Recorded data:
════════════════

Lemma exists_corner_pivot m n (M : 'M[{poly F}]_(1 + m, 1 + n)) :
  M != 0 -> exists2 N, equivalent M N & corner_pivot N.
Proof.
suff IH s (N : 'M_(1 + m, 1 + n)) i j : equivalent M N -> N i j != 0 ->
    (size (N i j) < s)%N -> exists2 N', equivalent M N' & corner_pivot N'.
  by case/matrix0Pn=> i [j nzMij]; apply: (IH _ M i j (equivalent_refl M) nzMij).
elim: s => // s IH in N i j *; move=> eMN nzNij ltNs.
have [N0 eN0 N0ij] := equivalent_to_corner N i j.
have {eMN eN0} eMN0 := equivalent_trans eMN eN0.
set a := N0 0 0 in N0ij *.
have nz_a : a != 0 by rewrite N0ij.
have le_a : (size a <= s)%N by rewrite N0ij -ltnS.
have descend N1 i1 j1 p : equivalent N0 N1 -> N1 i1 j1 = p %% a ->
    ~~ (a %| p) -> exists2 N', equivalent M N' & corner_pivot N'.
  move=> eN1 N1ij ndv; apply: (IH N1 i1 j1); first exact: equivalent_trans eN1.
    by rewrite N1ij; apply: contra ndv => /eqP/modp_eq0P.
  by rewrite N1ij (leq_trans _ le_a) // ltn_modp.
case: (pickP (fun j => ~~ (a %| N0 0 j))) => [j' ndv | dvr].
  have nj : 0 != j' by apply: contraNneq ndv => <-; rewrite dvdpp.
  by have [N1 eN1 N1j] := equivalent_modp_col N0 0 nj; apply: descend eN1 N1j ndv.
case: (pickP (fun i => ~~ (a %| N0 i 0))) => [i' ndv | dvc].
  have ni : 0 != i' by apply: contraNneq ndv => <-; rewrite dvdpp.
  by have [N1 eN1 N1i] := equivalent_modp_row N0 0 ni; apply: descend eN1 N1i ndv.
exists N0 => //; split=> // [j' | i']; apply/negbFE; [exact: dvr | exact: dvc].
Qed.

Lemma equivalent_corner_block m n (M : 'M[{poly F}]_(1 + m, 1 + n)) :
  corner_pivot M -> exists W, equivalent M (block_mx (M 0 0)%:M 0 0 W).
Proof.
move=> [nz_a dvr dvc]; set a := M 0 0 in nz_a dvr dvc *.
pose u := ursubmx M; pose v := dlsubmx M.
pose u' := map_mx (fun x => x %/ a) u; pose v' := map_mx (fun x => x %/ a) v.
have Eu : a *: u' = u.
  by apply/matrixP => i j; rewrite !mxE mulrC divpK // ord1 lshift0.
have Ev : a *: v' = v.
  by apply/matrixP => i j; rewrite !mxE mulrC divpK // ord1 lshift0.
exists (drsubmx M - v' *m u).
exists (block_mx 1%:M 0 (- v') 1%:M), (block_mx 1%:M (- u') 0 1%:M); split.
- by rewrite unitmxE det_lblock !det1 mulr1 unitr1.
- by rewrite unitmxE det_ublock !det1 mulr1 unitr1.
rewrite -[M in _ *m M *m _]submxK -/u -/v.
have -> : ulsubmx M = a%:M by rewrite [ulsubmx M]mx11_scalar !mxE !lshift0.
rewrite !mulmx_block !(mul1mx, mulmx1, mul0mx, mulmx0, addr0, add0r).
rewrite !mulmxN !mulNmx mul_scalar_mx mul_mx_scalar Eu Ev !addNr mul0mx.
by rewrite oppr0 add0r addrC.
Qed.

Lemma equivalent_scalar_monic (a : {poly F}) :
  a != 0 -> equivalent (a%:M : 'M_1) ((lead_coef a)^-1 *: a)%:M.
Proof.
move=> nz_a; have nz_c : (lead_coef a)^-1 != 0 by rewrite invr_eq0 lead_coef_eq0.
exists ((lead_coef a)^-1%:P)%:M, 1%:M; rewrite unitmx1 mulmx1 -scalar_mxM mul_polyC.
by rewrite unitmxE det_scalar1 poly_unitE size_polyC nz_c coefC unitfE.
Qed.

Lemma diagonalization m n (M : 'M[{poly F}]_(m, n)) :
  exists k N, [/\ equivalent M N, (k <= m)%N, (k <= n)%N & monic_diagonal k N].
Proof.
elim: m n M => [|m IH] n M.
  by exists 0%N, M; split=> //; [exact: equivalent_refl | case].
case: n M => [|n] M.
  by exists 0%N, M; split=> //; [exact: equivalent_refl | move=> i []].
have [-> | nzM] := eqVneq M 0.
  by exists 0%N, 0; split=> //; [exact: equivalent_refl | move=> i j; rewrite mxE].
have [N1 eMN1 pivN1] := exists_corner_pivot nzM.
have [W eN1W] := equivalent_corner_block pivN1.
have [k [N' [eWN' lekm lekn dN']]] := IH n W.
set a := N1 0 0 in eN1W; have nz_a : a != 0 by case: pivN1.
exists k.+1, (block_mx (((lead_coef a)^-1 *: a)%:M : 'M_1) 0 0 N').
split=> //.
  apply: (equivalent_trans eMN1 (equivalent_trans eN1W _)).
  exact: equivalent_block_diag (equivalent_scalar_monic nz_a) eWN'.
apply: monic_diagonal_block dN'.
by rewrite monicE lead_coefZ mulVf // lead_coef_eq0.
Qed.
Lemma selection_preimage_closed (F : set U) : closed F ->
  (T @` K) `&` selection @^-1` F =
  (T @` K) `\` \bigcup_q (sublevel_image setT q `\` sublevel_image F q).
Proof.
move=> cF; apply/seteqP; split => a.
  move=> [aK Fs]; split => // -[q _ [[b [[Kb _] gb] Tb] notF]]; apply: notF.
  have [[Ks Ts] smin] := selection_argmin a aK.
  exists (selection a) => //; split => //.
  by apply: le_trans gb; apply: smin.
move=> [aK notU]; split => //; apply: contrapT => Fs.
have [q [lt_q sep]] := selection_separated F a cF aK Fs.
apply: notU; exists q => //; split.
  have [Ks Ts] := selection_fiber a aK.
  by exists (selection a) => //; split => //; exact: ltW.
by move=> [b [[Kb Fb] gb] Tb]; move: (sep b (conj Kb Tb) Fb); rewrite ltNge gb.
Qed.

Lemma selection_measurable : borel_measurable_on (T @` K) selection.
Proof.
move=> W oW; have cTK := closed_image_compact cptK.
have -> : (T @` K) `&` selection @^-1` W =
    (T @` K) `\` ((T @` K) `&` selection @^-1` (~` W)).
  apply/seteqP; split => a [aK aW]; split => //; first by case.
  by apply: contrapT => nW; exact: aW.
apply: borel_setD; first exact: borel_set_closed.
rewrite selection_preimage_closed; last exact: open_closedC.
apply: borel_setD; first exact: borel_set_closed.
apply: borel_bigcup_rat => q; apply: borel_setD; apply: borel_set_closed.
  exact/closed_sublevel_image/closedT.
exact/closed_sublevel_image/open_closedC.
Qed.

Lemma exists_measurable_selection : exists Psi : V -> U,
  borel_measurable_on (T @` K) Psi /\ forall a, (T @` K) a -> K (Psi a) /\ T (Psi a) = a.
Proof. by exists selection; split; [exact: selection_measurable|exact: selection_fiber]. Qed.

End measurable_selection.

Lemma shift_below_min_in_box {R : realFieldType} {I : finType} (i0 : I)
    (x : I -> R) (m a b : R) :
  \sum_i x i = 0 -> (forall i, m <= x i) -> (forall i, x i - m <= a + b) ->
  -b <= -b - m <= a /\ forall i, -b <= x i + (-b - m) <= a.
Proof.
move=> x_sum m_le spread; have I_gt0 : (0 < #|I|)%N by apply/card_gt0P; exists i0.
have m_le0 : m <= 0.
  have : \sum_(i : I) m <= \sum_i x i by apply: ler_sum => i _; exact: m_le.
  by rewrite x_sum sumr_const pmulrn_lle0.
have m_ge : - m <= a + b.
  have : \sum_(i : I) (x i - m) <= \sum_(i : I) (a + b) by apply: ler_sum.
  by rewrite sumrB x_sum !sumr_const sub0r -mulNrn ler_pMn2r.
split=> [|i]; first by apply/andP; split; lra.
by have := m_le i; have := spread i; move=> *; apply/andP; split; lra.
Qed.

Lemma half_add_self (R : numFieldType) (V : lmodType R) (x : V) : 2^-1 *: (x + x) = x.
Proof. by rewrite -mulr2n -(scaler_nat 2 x) scalerA mulVf ?pnatr_eq0 // scale1r. Qed.

Section gamma_map.
Context {R : realType} {d : nat}.
Variable sigma : 'M[R]_d.

Definition gamma_of (beta : 'M[R]_d) := sigma *m sigma^T + sigma *m beta + beta^T *m sigma^T.

Lemma continuous_gamma_of : continuous gamma_of.
Proof.
have -> : gamma_of =
    cst (sigma *m sigma^T) + mulmx sigma + (mulmx^~ sigma^T \o trmx) by [].
move=> beta; apply: continuousD; first apply: continuousD.
- exact: cst_continuous.
- exact: continuous_mulmxl.
- by apply: continuous_comp; [exact: continuous_trmx|exact: continuous_mulmxr].
Qed.

Lemma gamma_of_midpoint x y :
  gamma_of (2^-1 *: (x + y)) = 2^-1 *: (gamma_of x + gamma_of y).
Proof.
set A := sigma *m sigma^T; pose L b := sigma *m b + b^T *m sigma^T.
have gammaE b : gamma_of b = A + L b by rewrite /gamma_of addrA.
have L_mid : L (2^-1 *: (x + y)) = 2^-1 *: (L x + L y).
  rewrite /L -scalemxAr linearZ /= -scalemxAl -scalerDr mulmxDr.
  by rewrite [(x + y)^T]linearD /= mulmxDl addrACA.
by rewrite !gammaE L_mid [in RHS]addrACA [in RHS]scalerDr half_add_self.
Qed.

End gamma_map.

Section sqr_frobenius.
Context {R : realType} {m n : nat}.
Implicit Types x y : 'M[R]_(m, n).

Definition sqr_frobenius x := \sum_i \sum_j x i j ^+ 2.

Lemma continuous_sqr_frobenius : continuous sqr_frobenius.
Proof.
apply: continuous_sum => i; apply: continuous_sum => j x.
exact: continuousM (@coord_continuous _ _ _ i j x) (@coord_continuous _ _ _ i j x).
Qed.

Lemma sqr_frobenius_gt0 x : x != 0 -> 0 < sqr_frobenius x.
Proof.
move=> /eqP x_neq0; have [i [j xij]] : exists i j, x i j != 0.
  apply: contrapT => x0; apply: x_neq0; apply/matrixP => i j; rewrite mxE.
  by apply/eqP/negPn/negP => xij; apply: x0; exists i, j.
have sum_sqr_ge0 (I : finType) (P : pred I) (F : I -> R) :
    0 <= \sum_(k | P k) F k ^+ 2 by apply: sumr_ge0 => k _; exact: sqr_ge0.
rewrite /sqr_frobenius (bigD1 i) //= (bigD1 j) //= -addrA.
apply: ltr_wpDr; last by rewrite exprn_even_gt0.
by rewrite addr_ge0 // sumr_ge0 // => k _; exact: sum_sqr_ge0.
Qed.

Lemma sqr_frobenius_midpoint x y :
  sqr_frobenius (2^-1 *: (x + y)) =
  (sqr_frobenius x + sqr_frobenius y) / 2 - sqr_frobenius (x - y) / 4.
Proof.
rewrite /sqr_frobenius -big_split /= !mulr_suml -sumrB; apply: eq_bigr => i _.
rewrite -big_split /= !mulr_suml -sumrB; apply: eq_bigr => j _.
by rewrite !mxE; field.
Qed.

Lemma sqr_frobenius_midpoint_lt x y : x != y ->
  sqr_frobenius (2^-1 *: (x + y)) < Num.max (sqr_frobenius x) (sqr_frobenius y).
Proof.
rewrite -subr_eq0 => /sqr_frobenius_gt0 pos; rewrite sqr_frobenius_midpoint.
apply: lt_le_trans (_ : (sqr_frobenius x + sqr_frobenius y) / 2 <= _).
  by rewrite ltrBlDr ltrDl divr_gt0.
rewrite ler_pdivrMr // mulr_natr mulr2n.
by apply: lerD; rewrite ?le_max lexx ?orbT.
Qed.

════════════════

WORK REQUIRED: Begin with the first line of the records and reproduce each line as is, ending with the line that holds "have nj : 0".

RESPONSE AREA:
Lemma exists_corner_pivot m n (M : 'M[{poly F}]_(1 + m, 1 + n)) :
  M != 0 -> exists2 N, equivalent M N & corner_pivot N.
Proof.
suff IH s (N : 'M_(1 + m, 1 + n)) i j : equivalent M N -> N i j != 0 ->
    (size (N i j) < s)%N -> exists2 N', equivalent M N' & corner_pivot N'.
  by case/matrix0Pn=> i [j nzMij]; apply: (IH _ M i j (equivalent_refl M) nzMij).
elim: s => // s IH in N i j *; move=> eMN nzNij ltNs.
have [N0 eN0 N0ij] := equivalent_to_corner N i j.
have {eMN eN0} eMN0 := equivalent_trans eMN eN0.
set a := N0 0 0 in N0ij *.
have nz_a : a != 0 by rewrite N0ij.
have le_a : (size a <= s)%N by rewrite N0ij -ltnS.
have descend N1 i1 j1 p : equivalent N0 N1 -> N1 i1 j1 = p %% a ->
    ~~ (a %| p) -> exists2 N', equivalent M N' & corner_pivot N'.
  move=> eN1 N1ij ndv; apply: (IH N1 i1 j1); first exact: equivalent_trans eN1.
    by rewrite N1ij; apply: contra ndv => /eqP/modp_eq0P.
  by rewrite N1ij (leq_trans _ le_a) // ltn_modp.
case: (pickP (fun j => ~~ (a %| N0 0 j))) => [j' ndv | dvr].
  have nj : 0 != j' by apply: contraNneq ndv => <-; rewrite dvdpp.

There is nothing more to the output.